跳至正文
首页 » LD score regression

LD score regression

LD score regression is method widely used in summary statistics to estimate the heritability of a trait (Bulik-Sullivan, Po-Ru Loh, et al. 2015) and the genetic correlation among traits (Bulik-Sullivan, Finucane, et al. 2015). It doesn’t require individual level genotype data, only the GWAS summary data and the LD scores calculated from reference panel are involved, thus it’s pretty time-efficient and memory-saving compared with REML or HE regression.

1. Heritability estimation

./hiblup --ldreg
         --sumstat demo.ma   #the summary data
         --lds demo.ldsc     #the pre-computed LD scores
         --out demo

As shown above, the summary data file and LD scores file should be provided, the file format of summary data and how to calculate/make LD scores can be found at other tutorial chapters (i.e., summary data and LD scores). Please always remember not to delete SNPs in LD scores file to keep it consistent with that in summary data file, just leave it as it is, because the total number of SNPs used to calculate this LD scores is quite crucial for LD score regression.

The estimated results are stored in a file named “demo.ldsr.h2“, overview of this file:

Item	Intercept	Intercept_SE	h2	h2_SE	h2_Pval
demo	1.08285	0.011433	0.122826	0.00393122	2.71554e-214

The ‘Intercept‘ is associated with the population structure, the closer it is to 1, the less stratified of the population is. The ‘h2‘ is the estimated heritability of the trait, and ‘h2_Pval‘ is the p-value of chi-square testing significance.

2. Genetic correlation estimation

The usage of genetic correlation estimation is quite similar with heritability estimation, if HIBLUP detected more than one summary data file in the command, it will estimate heritability and genetic correlation automatically:

./hiblup --ldreg
         --sumstat demo1.ma demo2.ma demo3.ma   #the summary data of multiple traits, use space as separator
         --lds demo.ldsc     #the pre-computed LD scores
         --out demo

Note that the number of summary data of traits is not limited.

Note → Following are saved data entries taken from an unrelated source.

(* In the setting below, every $p\in X$, written $p=\sum_{e_i\in S_p}\lambda_ie_i$ (normalized so that $\min_{e_i\in S_p}\lambda_i=1$), satisfies $\lambda_i=1$ for all $e_i\in S_p$ except for at most one index $j$, for which $\lambda_j>1$.
   Context: Setting: $E=\{e_0,\dots,e_n\}\subset\mathbb R^n$ is the vertex set of an $n$-simplex with $e_0+\cdots+e_n=0$, and $X\subset\mathbb R^n\setminus\{0\}$ is a finite set with $E\subseteq X$, no element of $X$ a positive multiple of another, such that every $n+1$ points of $X$ are in good position. (A finite set $A$ is in conical position if $0\notin\operatorname{conv}A$ and no point of $A$ lies in the positive hull—set of nonnegative linear combinations—of the other points; it is in good position otherwise.) For $p\in X$, the support $S_p$ is the minimal subset of $E$ whose positive hull contains $p$; then $p=\sum_{e_i\in S_p}\lambda_ie_i$ uniquely with all $\lambda_i>0$. Convention: each $p\in X$ is replaced by the positive multiple for which $\min_{e_i\in S_p}\lambda_i=1$ (this does not affect the hypotheses). *)

From HB Require Import structures.
From mathcomp Require Import all_boot all_order all_algebra.
Set Implicit Arguments. Unset Strict Implicit. Unset Printing Implicit Defensive.
Import Order.TTheory GRing.Theory Num.Theory.
Local Open Scope ring_scope.

Section Defs.
Variables (R : realFieldType) (n : nat).
Notation V := 'rV[R]_n.

Definition in_pos_hull (A : seq V) (v : V) : Prop :=
  exists c : V -> R, (forall a, a \in A -> 0 <= c a) /\ v = \sum_(a <- undup A) c a *: a.

Definition in_conv (A : seq V) (v : V) : Prop :=
  exists c : V -> R, [/\ forall a, a \in A -> 0 <= c a,
                         \sum_(a <- undup A) c a = 1 &
                         v = \sum_(a <- undup A) c a *: a].

Definition conical_position (A : seq V) : Prop :=
  ~ in_conv A 0 /\ forall a, a \in A -> ~ in_pos_hull [seq b <- A | b != a] a.

Definition good_position (A : seq V) : Prop := ~ conical_position A.

Definition affinely_independent (e : 'I_n.+1 -> V) : Prop :=
  forall c : 'I_n.+1 -> R, \sum_i c i = 0 -> \sum_i c i *: e i = 0 -> forall i, c i = 0.

Definition in_pos_hull_idx (e : 'I_n.+1 -> V) (S : {set 'I_n.+1}) (v : V) : Prop :=
  exists c : 'I_n.+1 -> R, (forall i, i \in S -> 0 <= c i) /\ v = \sum_(i in S) c i *: e i.

Definition is_support (e : 'I_n.+1 -> V) (S : {set 'I_n.+1}) (p : V) : Prop :=
  in_pos_hull_idx e S p /\ forall S' : {set 'I_n.+1}, S' \proper S -> ~ in_pos_hull_idx e S' p.

End Defs.

From HB Require Import structures.
From mathcomp Require Import all_boot all_order all_algebra.
From mathcomp Require Import lra.
Import Order.TTheory GRing.Theory Num.Theory.
Local Open Scope ring_scope.

(* Proof of Proposition 6.1.  Let e_0, ..., e_n be an n-simplex centred at 0.
   Its only linear relations are the multiples of e_0 + ... + e_n = 0, so
   coefficient vectors representing the same point differ by a constant
   ([coef_diff_const]); every claim below reduces to this fact.
   Suppose a point p of X with support S and coefficients lam has two distinct
   indices j, k whose coefficient exceeds the minimal one lam_m.  Replacing the
   vertex e_m of the simplex by p gives n+1 points
        A = p :: [e_i | i <> m]
   ([cone_family]) which are in conical position ([cone_family_conical]):
   0 is not in conv A (uses j), p is not in the positive hull of the e_i
   (uses that S is not the whole index set, [support_not_full]), and no e_i is
   in the positive hull of the other points (uses j or k, whichever differs
   from i).  As A lies in X this contradicts the good-position hypothesis, and
   the theorem follows after undoing the normalisation factor t. *)

Section SimplexCoordinates.
Set Implicit Arguments. Unset Strict Implicit.
Variables (R : realFieldType) (n : nat) (e : 'I_n.+1 -> 'rV[R]_n).
Hypothesis e_aff : affinely_independent e.
Hypothesis e_sum0 : \sum_i e i = 0.

Lemma lin_rel_const (f : 'I_n.+1 -> R) :
  \sum_i f i *: e i = 0 -> forall i j, f i = f j.
Proof.
move=> rel_f.
pose a := (\sum_i f i) / n.+1%:R.
have n1_neq0 : n.+1%:R != 0 :> R by rewrite pnatr_eq0.
have sum_shift : \sum_i (f i - a) = 0.
  by rewrite sumrB sumr_const card_ord -mulr_natr divfK // subrr.
have rel_shift : \sum_i (f i - a) *: e i = 0.
  under eq_bigr do rewrite scalerBl.
  by rewrite sumrB -scaler_sumr e_sum0 scaler0 rel_f subr0.
have shift0 := e_aff sum_shift rel_shift.
by move=> i j; have := shift0 i; have := shift0 j; lra.
Qed.

Lemma coef_diff_const (f g : 'I_n.+1 -> R) :
  \sum_i f i *: e i = \sum_i g i *: e i -> forall i j, f i - g i = f j - g j.
Proof.
move=> eq_fg; apply: lin_rel_const.
under eq_bigr do rewrite scalerBl.
by rewrite sumrB eq_fg subrr.
Qed.

Lemma sum_delta (a : 'I_n.+1) : \sum_i ((i == a)%:R : R) *: e i = e a.
Proof.
rewrite (bigD1 a) //= eqxx scale1r big1 ?addr0 // => i /negbTE ->.
by rewrite scale0r.
Qed.

Lemma vertex_inj : injective e.
Proof.
move=> a b eq_ab; apply/eqP/negP => /negP neq_ab.
have := @coef_diff_const (fun i => (i == a)%:R) (fun i => (i == b)%:R).
rewrite !sum_delta => /(_ eq_ab a b).
by rewrite !eqxx (negbTE neq_ab) eq_sym (negbTE neq_ab) /=; lra.
Qed.

End SimplexCoordinates.

Lemma gap_weight0 (R : realFieldType) (a b c d : R) :
  a < b -> 0 <= c -> 0 <= d -> c * a = c * b + d -> c = 0.
Proof. by move=> ab c0 d0 eq_c; nra. Qed.

Section ConeFamily.
Set Implicit Arguments. Unset Strict Implicit.
Variables (R : realFieldType) (n : nat) (e : 'I_n.+1 -> 'rV[R]_n).
Hypothesis e_aff : affinely_independent e.
Hypothesis e_sum0 : \sum_i e i = 0.
Let e_inj : injective e := vertex_inj e_aff e_sum0.

Definition cone_family (p : 'rV[R]_n) (r : seq 'I_n.+1) : seq 'rV[R]_n :=
  p :: [seq e i | i <- r].

Lemma sum_vertices (T : nmodType) (r : seq 'I_n.+1) (F : 'rV[R]_n -> T) :
  uniq r -> \sum_(a <- undup [seq e i | i <- r]) F a = \sum_(i in r) F (e i).
Proof.
by move=> r_uniq; rewrite undup_id ?big_map ?big_uniq ?(map_inj_uniq e_inj).
Qed.

Lemma sum_in_coords (d : 'I_n.+1 -> R) (A : {pred 'I_n.+1}) :
  \sum_(i in A) d i *: e i = \sum_i (if i \in A then d i else 0) *: e i.
Proof.
by rewrite big_mkcond; apply: eq_bigr => i _; case: ifP; rewrite ?scale0r.
Qed.

Section Point.
Variables (p : 'rV[R]_n) (s : 'I_n.+1 -> R).
Hypothesis p_coords : p = \sum_i s i *: e i.
Hypothesis p_not_vertex : forall i, p != e i.

Lemma cone_family_uniq (r : seq 'I_n.+1) : uniq r -> uniq (cone_family p r).
Proof.
move=> r_uniq; rewrite /= (map_inj_uniq e_inj) r_uniq andbT.
by apply/mapP => -[i _ /eqP]; apply/negP.
Qed.

Lemma sum_cone_family (T : nmodType) (r : seq 'I_n.+1) (F : 'rV[R]_n -> T) :
  uniq r -> \sum_(a <- undup (cone_family p r)) F a = F p + \sum_(i in r) F (e i).
Proof.
by move=> r_uniq; rewrite undup_id ?cone_family_uniq // big_cons big_map big_uniq.
Qed.

Lemma cone_family_drop_point (r : seq 'I_n.+1) :
  [seq b <- cone_family p r | b != p] = [seq e i | i <- r].
Proof.
rewrite /= eqxx /=; apply/all_filterP/allP => _ /mapP [i _ ->].
by rewrite eq_sym p_not_vertex.
Qed.

Lemma cone_family_drop_vertex (r : seq 'I_n.+1) (i : 'I_n.+1) :
  [seq b <- cone_family p r | b != e i] = cone_family p [seq l <- r | l != i].
Proof.
rewrite /= p_not_vertex filter_map; congr (_ :: map _ _); apply: eq_filter => l.
by rewrite /= (inj_eq e_inj).
Qed.

Lemma cone_comb_coords (c : R) (d : 'I_n.+1 -> R) (r : seq 'I_n.+1) :
  c *: p + \sum_(i in r) d i *: e i =
  \sum_i (c * s i + (if i \in r then d i else 0)) *: e i.
Proof.
under [RHS]eq_bigr do rewrite scalerDl -scalerA.
by rewrite big_split /= -scaler_sumr -p_coords sum_in_coords.
Qed.

End Point.
End ConeFamily.

Section ReplacedVertex.
Set Implicit Arguments. Unset Strict Implicit.
Variables (R : realFieldType) (n : nat) (e : 'I_n.+1 -> 'rV[R]_n).
Hypothesis e_aff : affinely_independent e.
Hypothesis e_sum0 : \sum_i e i = 0.

Variables (p : 'rV[R]_n) (S : {set 'I_n.+1}) (lam : 'I_n.+1 -> R).
Variables (m j k : 'I_n.+1).
Hypothesis p_supp : is_support e S p.
Hypothesis lam_pos : forall i, i \in S -> 0 < lam i.
Hypothesis p_eq : p = \sum_(i in S) lam i *: e i.
Hypothesis mS : m \in S.
Hypothesis lam_min : forall i, i \in S -> lam m <= lam i.
Hypotheses (jS : j \in S) (kS : k \in S) (neq_jk : j != k).
Hypotheses (lam_mj : lam m < lam j) (lam_mk : lam m < lam k).

Let s (i : 'I_n.+1) : R := if i \in S then lam i else 0.
(* The vertices kept when e_m is replaced by p. *)
Let r : seq 'I_n.+1 := enum (predC1 m).

Let r_uniq : uniq r := enum_uniq _.

Lemma mem_r (i : 'I_n.+1) : (i \in r) = (i != m).
Proof. by rewrite mem_enum. Qed.

Lemma p_full_coords : p = \sum_i s i *: e i.
Proof. by rewrite p_eq sum_in_coords. Qed.

(* If S were everything, subtracting lam_m (e_0 + ... + e_n) = 0 would express
   p over S \ {m}, against the minimality of the support. *)
Lemma support_not_full : exists i0, i0 \notin S.
Proof.
case: (pickP (fun i => i \notin S)) => [i0 i0S | S_full]; first by exists i0.
have inS i : i \in S by have := S_full i => /negbFE.
exfalso; apply: (p_supp.2 (S :\ m)); first exact: properD1.
exists (fun i => lam i - lam m); split.
  by move=> i; rewrite in_setD1 => /andP [_ iS]; rewrite subr_ge0 lam_min.
have sum_others : \sum_(i | i != m) e i = - e m.
  by apply/eqP; move/eqP: e_sum0; rewrite (bigD1 m) //= addrC addr_eq0.
rewrite (eq_bigl (predC1 m)) => [|i]; last by rewrite in_setD1 inS andbT.
under [RHS]eq_bigr do rewrite scalerBl.
rewrite sumrB -scaler_sumr sum_others scalerN opprK p_eq (bigD1 m) //= addrC.
by congr (_ + _); apply: eq_bigl => i; rewrite inS.
Qed.

Lemma above_min_neq (l : 'I_n.+1) : lam m < lam l -> l != m.
Proof. by apply: contraTneq => ->; rewrite ltxx. Qed.

(* p is none of the vertices: a vertex of S would be a smaller support, and
   a vertex outside S gives incompatible coordinates. *)
Lemma point_not_vertex (i : 'I_n.+1) : p != e i.
Proof.
apply/eqP => p_ei.
have diff := coef_diff_const e_aff e_sum0 (f := s) (g := fun l => (l == i)%:R).
rewrite sum_delta -p_full_coords in diff.
case: (boolP (i \in S)) => iS.
- apply: (p_supp.2 [set i]); last first.
    by exists (fun=> 1); split => //; rewrite big_set1 scale1r.
  rewrite properEneq sub1set iS andbT; apply/eqP => S1.
  by move: mS jS (above_min_neq lam_mj); rewrite -S1 !inE => /eqP -> /eqP ->; rewrite eqxx.
- have im : (m == i) = false by apply/negbTE; apply: contraNneq iS => <-.
  have := diff p_ei i m; rewrite /s (negbTE iS) mS eqxx im /=.
  by have := lam_pos mS; lra.
Qed.

(* 0 is not a convex combination of p and the e_i, i <> m: comparing the
   coordinates at m and j kills the weight of p, then all other weights. *)
Lemma zero_notin_conv : ~ in_conv (cone_family e p r) 0.
Proof.
move=> [c [c_ge0 c_sum1 c_comb]].
rewrite (sum_cone_family e_aff e_sum0 point_not_vertex) // in c_sum1.
rewrite (sum_cone_family e_aff e_sum0 point_not_vertex) // in c_comb.
rewrite (cone_comb_coords p_full_coords) in c_comb.
have const := lin_rel_const e_aff e_sum0 (esym c_comb).
have jm := above_min_neq lam_mj.
have cp0 : c p = 0.
  apply: (gap_weight0 lam_mj (c_ge0 p (mem_head _ _)) (c_ge0 (e j) _)).
    by rewrite inE map_f ?orbT // mem_r.
  by have := const m j; rewrite /s mS jS !mem_r eqxx jm addr0.
move: c_sum1; rewrite cp0 big1 ?add0r => [|i]; first by move/eqP; rewrite eq_sym oner_eq0.
by rewrite mem_r => im; have := const i m; rewrite /s cp0 !mul0r !mem_r im eqxx /= !add0r.
Qed.

(* p is not in the positive hull of the e_i, i <> m: its coordinate lam_m > 0
   at m would equal minus a nonnegative weight at an index outside S. *)
Lemma point_notin_pos_hull : ~ in_pos_hull [seq e i | i <- r] p.
Proof.
move=> [c [c_ge0 c_comb]].
rewrite (sum_vertices e_aff e_sum0) // sum_in_coords p_full_coords in c_comb.
have [i0 i0S] := support_not_full.
have i0m : i0 != m by apply: contraNneq i0S => ->.
have := coef_diff_const e_aff e_sum0 c_comb m i0.
rewrite /s mS (negbTE i0S) !mem_r eqxx i0m /= subr0 sub0r.
have := c_ge0 (e i0); rewrite map_f ?mem_r // => /(_ isT).
by have := lam_pos mS; lra.
Qed.

(* No e_i, i <> m, is in the positive hull of p and the other e_l, l <> m:
   an index l of S other than m and i with lam_l > lam_m (j or k) kills the
   weight of p, and then the coordinate at i reads 1 = 0. *)
Lemma vertex_notin_pos_hull (i : 'I_n.+1) :
  i != m -> ~ in_pos_hull [seq b <- cone_family e p r | b != e i] (e i).
Proof.
move=> im [c [c_ge0 c_comb]].
rewrite (cone_family_drop_vertex e_aff e_sum0 point_not_vertex) in c_comb c_ge0.
set r' := [seq l <- r | l != i] in c_comb c_ge0.
have r'_uniq : uniq r' by rewrite filter_uniq.
have mem_r' l : (l \in r') = (l != i) && (l != m) by rewrite mem_filter mem_r.
rewrite (sum_cone_family e_aff e_sum0 point_not_vertex) // in c_comb.
rewrite (cone_comb_coords p_full_coords) -{1}(sum_delta e i) in c_comb.
have const := coef_diff_const e_aff e_sum0 c_comb.
have mi : (m == i) = false by rewrite eq_sym (negbTE im).
have [l [lS lm li lam_ml]] : exists l, [/\ l \in S, l != m, l != i & lam m < lam l].
  have [ji | ji] := eqVneq j i; [exists k | exists j]; split => //;
    by rewrite ?above_min_neq // -?ji 1?eq_sym.
have cp0 : c p = 0.
  apply: (gap_weight0 lam_ml (c_ge0 p (mem_head _ _)) (c_ge0 (e l) _)).
    by rewrite inE map_f ?orbT // mem_r' li lm.
  have := const l m; rewrite /s lS mS !mem_r' li lm eqxx (negbTE li) mi.
  by rewrite /= !sub0r addr0 => /oppr_inj ->.
have := const i m; rewrite /s !mem_r' cp0 !eqxx mi /= !mul0r !add0r.
by rewrite subr0 oppr0 => /eqP; rewrite oner_eq0.
Qed.

Lemma cone_family_conical : conical_position (cone_family e p r).
Proof.
split; first exact: zero_notin_conv.
move=> a; rewrite inE => /orP [/eqP -> | /mapP [i ir ->]].
  by rewrite (cone_family_drop_point point_not_vertex); exact: point_notin_pos_hull.
by apply: vertex_notin_pos_hull; rewrite -mem_r.
Qed.

End ReplacedVertex.

(* If two indices j <> k had t * lam > 1, the cone family replacing e_m by p
   would be n+1 points of X in conical position. *)
Theorem proposition6p1 (R : realFieldType) (n : nat)
  (e : 'I_n.+1 -> 'rV[R]_n) (X : seq 'rV[R]_n) :
  affinely_independent e ->
  \sum_i e i = 0 ->
  (forall i, e i \in X) ->
  0 \notin X ->
  (forall p q, p \in X -> q \in X -> forall t : R, 0 < t -> p = t *: q -> p = q) ->
  (forall A : seq 'rV[R]_n, uniq A -> size A = n.+1 -> {subset A <= X} ->
     good_position A) ->
  forall p, p \in X ->
  forall (S : {set 'I_n.+1}) (lam : 'I_n.+1 -> R),
    is_support e S p ->
    (forall i, i \in S -> 0 < lam i) ->
    p = \sum_(i in S) lam i *: e i ->
  (* normalization: t is the positive factor making min_{i in S} t*lam_i = 1 *)
  forall t : R, 0 < t ->
    (forall i, i \in S -> 1 <= t * lam i) ->
    (exists2 i, i \in S & t * lam i = 1) ->
  exists2 j, j \in S &
    forall i, i \in S -> i != j -> t * lam i = 1.
Proof.
move=> e_aff e_sum0 e_X _ _ X_good p pX S lam p_supp lam_pos p_eq t t_pos t_ge1.
move=> [m mS lam_m1].
have lam_min i : i \in S -> lam m <= lam i.
  by move=> iS; rewrite -(ler_pM2l t_pos) lam_m1 t_ge1.
have above_min i : i \in S -> t * lam i != 1 -> lam m < lam i.
  by move=> iS ti; rewrite -(ltr_pM2l t_pos) lam_m1 lt_neqAle eq_sym ti t_ge1.
case: (boolP [exists j, (j \in S) && (t * lam j != 1)]); last first.
  by move=> /existsPn all1; exists m => // i iS _; move: (all1 i); rewrite iS negbK => /eqP.
move=> /existsP [j /andP [jS tj]]; exists j => // k kS kj.
have [// | tk] := eqVneq (t * lam k) 1; exfalso.
have lam_mj := above_min j jS tj; have lam_mk := above_min k kS tk.
have p_not_vertex := point_not_vertex e_aff e_sum0 p_supp lam_pos p_eq mS jS lam_mj.
apply: (X_good (cone_family e p (enum (predC1 m)))).
- exact: (cone_family_uniq e_aff e_sum0 p_not_vertex (enum_uniq _)).
- by rewrite /= size_map -cardE cardC1 card_ord.
- by move=> a; rewrite inE => /orP [/eqP -> | /mapP [i _ ->]].
- apply: (cone_family_conical e_aff e_sum0 p_supp lam_pos p_eq mS lam_min jS kS _ lam_mj lam_mk).
  by rewrite eq_sym.
Qed.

Two files will be generated in the work directory: the file “test.ldsr.h2” recorded the estimated heritability of trait as described before; and the file “test.ldsr.rg” stores the genetic correlation of pairs of traits, overview of this file:

Item	CovG	CovG_SE	Intercept	Intercept_SE	rG	rG_SE	rG_Pval
demo1:demo2	0.0252414	0.00716841	0.0166108	0.00819384	0.141956	0.0403148	0.000429607
demo1:demo3	0.0744506	0.00892225	0.102821	0.00671784	0.296832	0.0355727	7.15917e-17
demo2:demo3	0.262124	0.0340515	0.315166	0.0112682	0.608769	0.0790827	1.38348e-14

The ‘CovG‘ is the genetic covariance, ‘rG‘ is the estimated genetic correlation between traits, and ‘rG_Pval‘ is the p-value of chi-square testing significance.

The relevant options can be specified by users for LD score regression:

  • --M: to specify the number of SNPs in LD score regression. By default, HIBLUP use the number of SNPs in the LD score file with MAF between 5% and 50% as it is suggested by Bulik-Sullivan.
  • --chisq-max: to specify the maximum threshold of X2 for the first step estimator of intercept, the default is 30.
  • --intercept-h2: to constrain the intercept with a constant rather than estimating it from data for heritability estimation.
  • --intercept-gencov: to constrain the intercept with a constant rather than estimating it from data for genetic correlation estimation.